Lemma tprodBr a b c (C : tensor R a b N) (Y Z : tensor R b c N) :
  tprod C (Y - Z) = tprod C Y - tprod C Z.
Proof.
rewrite !tprodE; apply/ffunP => k; rewrite !ffunE -sumrB.
by apply: eq_bigr => l _; rewrite !ffunE mulmxBr.
Qed.

Lemma tprod0r a b c (C : tensor R a b N) : tprod C (0 : tensor R b c N) = 0.
Proof. by rewrite -(subrr 0) tprodBr subrr. Qed.

Lemma tprodNr a b c (C : tensor R a b N) (Y : tensor R b c N) :
  tprod C (- Y) = - tprod C Y.
Proof. by rewrite -sub0r tprodBr tprod0r sub0r. Qed.

Lemma tprod_sumr a b c (I : finType) (C : tensor R a b N) (Y : I -> tensor R b c N) :
  tprod C (\sum_i Y i) = \sum_i tprod C (Y i).
Proof.
rewrite tprodE; apply/ffunP => k; rewrite !ffunE sum_ffunE.
under eq_bigr do rewrite sum_ffunE mulmx_sumr.
rewrite exchange_big; apply: eq_bigr => i _.
by rewrite tprodE ffunE.
Qed.

Lemma tprodBl a b c (C D : tensor R a b N) (Y : tensor R b c N) :
  tprod (C - D) Y = tprod C Y - tprod D Y.
Proof.
rewrite !tprodE; apply/ffunP => k; rewrite !ffunE -sumrB.
by apply: eq_bigr => l _; rewrite !ffunE mulmxBl.
Qed.

Lemma tprodZl a b c (s : R) (C : tensor R a b N) (Y : tensor R b c N) :
  tprod (s *: C) Y = s *: tprod C Y.
Proof.
rewrite !tprodE; apply/ffunP => k; rewrite !ffunE scaler_sumr.
by apply: eq_bigr => l _; rewrite !ffunE scalemxAl.
Qed.

Lemma tprod_suml a b c (I : finType) (C : I -> tensor R a b N) (Y : tensor R b c N) :
  tprod (\sum_i C i) Y = \sum_i tprod (C i) Y.
Proof.
rewrite tprodE; apply/ffunP => k; rewrite !ffunE sum_ffunE.
under eq_bigr do rewrite sum_ffunE mulmx_suml.
rewrite exchange_big; apply: eq_bigr => i _.
by rewrite tprodE ffunE.
Qed.

Lemma tprodA a b c d (C : tensor R a b N) (D : tensor R b c N) (Y : tensor R c d N) :
  tprod C (tprod D Y) = tprod (tprod C D) Y.
Proof.
rewrite !tprodE; apply/ffunP => k; rewrite !ffunE.
under eq_bigr do rewrite ffunE mulmx_sumr.
under [RHS]eq_bigr do rewrite ffunE mulmx_suml.
rewrite exchange_big /=; apply: eq_bigr => l _.
rewrite (reindex_inj (addIr l)) /=; apply: eq_bigr => l' _.
by rewrite mulmxA addrK opprD addrA [k - l' - l]addrAC.
Qed.

Lemma tid_tprod b c (Y : tensor R b c N) : tprod (tid R b N) Y = Y.
Proof.
rewrite tprodE; apply/ffunP => k; rewrite ffunE (bigD1 k) //= big1 => [|l l_neq_k]; rewrite ffunE.
  by rewrite subrr mul1mx addr0.
have /negPf -> : \val (k - l) != 0%N by rewrite -[0%N]/(val (0 : 'I_N)) val_eqE subr_eq0 eq_sym.
by rewrite mul0mx.
Qed.

Lemma sum_tslice a b (C : tensor R a b N) : \sum_(k : 'I_N) tslice C k = C.
Proof.
apply/ffunP => l; rewrite sum_ffunE (bigD1 l) //= ffunE eqxx big1 ?addr0 // => k k_neq_l.
by rewrite ffunE; case: eqP => // /val_inj lk; rewrite lk eqxx in k_neq_l.
Qed.

End TProduct.

Section KappaMu.
Variables (R : realType) (a b n : nat) (A : tensor R a b n).

Lemma kappa_ge0 alpha : 0 <= kappa A alpha.
Proof. exact: bigmax_ge_id. Qed.

Lemma mu_ge0 : 0 <= mu A.
Proof. exact: bigmax_ge_id. Qed.

Lemma opnorm_le_kappa alpha (i : 'I_n) :
  opnorm (tid R b n - alpha *: tprod (ttr (tslice A i)) (tslice A i)) <= kappa A alpha.
Proof. exact: le_bigmax. Qed.

Lemma opnorm_le_mu (i j : 'I_n) :
  i != j -> opnorm (tprod (ttr (tslice A i)) (tslice A j)) <= mu A.
Proof.
move=> i_neq_j; apply: le_trans (le_bigmax _ _ i).
exact: le_bigmax_cond.
Qed.

End KappaMu.

Section DelayedRecursion.
Variables (R : realType) (k c : R) (n : nat) (e : int -> R).
Hypothesis e_le0 : forall t : int, t <= 0 -> e t = 1.

Lemma delayed_rec_of_closed_form :
  (forall t : nat, (1 <= t)%N ->
     e t%:Z = k ^+ t + c * \sum_(0 <= j < t)
                              (k ^+ j * \sum_(1 <= i < n) e (t%:Z - 1 - j%:Z - i%:Z))) ->
  forall t : nat, e t.+1%:Z = k * e t%:Z + c * \sum_(1 <= i < n) e (t%:Z - i%:Z).
Proof.
move=> e_closed t; set s := fun u : int => \sum_(1 <= i < n) e (u - i%:Z).
have closed_form u : e u%:Z = k ^+ u + c * \sum_(0 <= j < u) (k ^+ j * s (u%:Z - 1 - j%:Z)).
  case: u => [|u]; first by rewrite e_le0 // big_geq // mulr0 addr0.
  by rewrite e_closed.
rewrite !closed_form big_nat_recl // expr0 mul1r exprS.
under eq_bigr do rewrite exprS -mulrA.
rewrite -mulr_sumr.
have -> : s (t.+1%:Z - 1 - 0%:Z) = s t%:Z by congr s; lia.
have -> : \sum_(0 <= j < t) (k ^+ j * s (t.+1%:Z - 1 - j.+1%:Z))
        = \sum_(0 <= j < t) (k ^+ j * s (t%:Z - 1 - j%:Z)).
  by apply: eq_bigr => j _; congr (_ * s _); lia.
by rewrite /s; ring.
Qed.

(* For [i > t] the truncated index [(t - i)%N] is 0: [E 0] stands in for the error at
   negative times, just as [e] is 1 there. *)
Lemma delayed_recursion_le (E : nat -> R) : 0 <= k -> 0 <= c ->
  (forall t : nat, e t.+1%:Z = k * e t%:Z + c * \sum_(1 <= i < n) e (t%:Z - i%:Z)) ->
  (forall t : nat, E t.+1 <= k * E t + c * \sum_(1 <= i < n) E (t - i)%N) ->
  forall t : nat, E t <= e t%:Z * E 0%N.
Proof.
move=> k_ge0 c_ge0 e_rec E_rec; elim/ltn_ind => -[|t] IH.
  by rewrite e_le0 ?mul1r.
apply: le_trans (E_rec t) _; rewrite e_rec mulrDl -!mulrA mulr_suml.
apply: lerD; first by rewrite ler_wpM2l ?IH.
apply: ler_wpM2l => //; apply: ler_sum_nat => i /andP[i_ge1 _].
have [i_le_t|t_lt_i] := leqP i t.
  by rewrite subzn // IH // ltnS leq_subr.
have /eqP -> : (t - i == 0)%N by rewrite subn_eq0 ltnW.
by rewrite e_le0 ?mul1r //; lia.
Qed.

End DelayedRecursion.

Section FrontalSliceDescent.
Variables (R : realType) (m n1 n2 n3 : nat).
Local Notation N := m.+1.
Variables (A : tensor R n1 n2 N) (B : tensor R n1 n3 N) (Xstar : tensor R n2 n3 N).
Variables (alpha : R) (X : nat -> tensor R n2 n3 N).
Hypothesis Hsol : tprod A Xstar = B.
Hypothesis HX0 : X 0%N = 0.
Hypothesis HXrec : forall t : nat,
  X t.+1 = X t + alpha *: tprod (ttr (tslice A (t %% N)))
    (B - \sum_(j < N) (if (j <= t)%N
                       then tprod (tslice A ((t + N - j) %% N)) (X (t - j)%N)
                       else 0)).

Local Notation tA i := (tslice A (val i)).
Local Notation slot t := (inZp t : 'I_N).

Lemma descent_step t :
  X t.+1 = X t + alpha *: tprod (ttr (tA (slot t)))
                   (B - \sum_(j : 'I_N) tprod (tA (slot t - j)) (X (t - j)%N)).
Proof.
rewrite HXrec; congr (_ + _ *: tprod _ (_ - _)); apply: eq_bigr => j _.
case: leqP => [_|t_lt_j]; first by rewrite val_inZp_sub.
by rewrite (eqP (_ : t - j == 0)%N) ?HX0 ?tprod0r // subn_eq0 ltnW.
Qed.

Lemma descent_error t :
  X t.+1 - Xstar =
    tprod (tid R n2 N - alpha *: tprod (ttr (tA (slot t))) (tA (slot t))) (X t - Xstar)
    - alpha *: \sum_(j < m) tprod (tprod (ttr (tA (slot t))) (tA (slot t - lift ord0 j)))
                                   (X (t - j.+1)%N - Xstar).
Proof.
set i := slot t.
have B_split : B = \sum_(j : 'I_N) tprod (tA (i - j)) Xstar.
  by rewrite -Hsol -{1}(sum_tslice A) tprod_suml (reindex_inj (subrI i)).
have residual : B - \sum_(j : 'I_N) tprod (tA (i - j)) (X (t - j)%N)
              = - \sum_(j : 'I_N) tprod (tA (i - j)) (X (t - j)%N - Xstar).
  by rewrite B_split -sumrB -sumrN; apply: eq_bigr => j _; rewrite tprodBr opprB.
rewrite descent_step residual tprodNr tprod_sumr big_ord_recl (subr0 i) subn0.
rewrite tprodBl tprodZl tid_tprod tprodA; under eq_bigr do rewrite tprodA.
rewrite scalerN scalerDr opprD !addrA [LHS]addrAC.
by rewrite [X t - _ - Xstar]addrAC.
Qed.

Hypothesis alpha_ge0 : 0 <= alpha.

====

Brief:
Quote, word for word, every line from the top of the entries through the line that holds "tprod C (- Y) = - tprod C Y.".

Response to this exercise:
Lemma tprodBr a b c (C : tensor R a b N) (Y Z : tensor R b c N) :
  tprod C (Y - Z) = tprod C Y - tprod C Z.
Proof.
rewrite !tprodE; apply/ffunP => k; rewrite !ffunE -sumrB.
by apply: eq_bigr => l _; rewrite !ffunE mulmxBr.
Qed.

Lemma tprod0r a b c (C : tensor R a b N) : tprod C (0 : tensor R b c N) = 0.
Proof. by rewrite -(subrr 0) tprodBr subrr. Qed.

Lemma tprodNr a b c (C : tensor R a b N) (Y : tensor R b c N) :
  tprod C (- Y) = - tprod C Y.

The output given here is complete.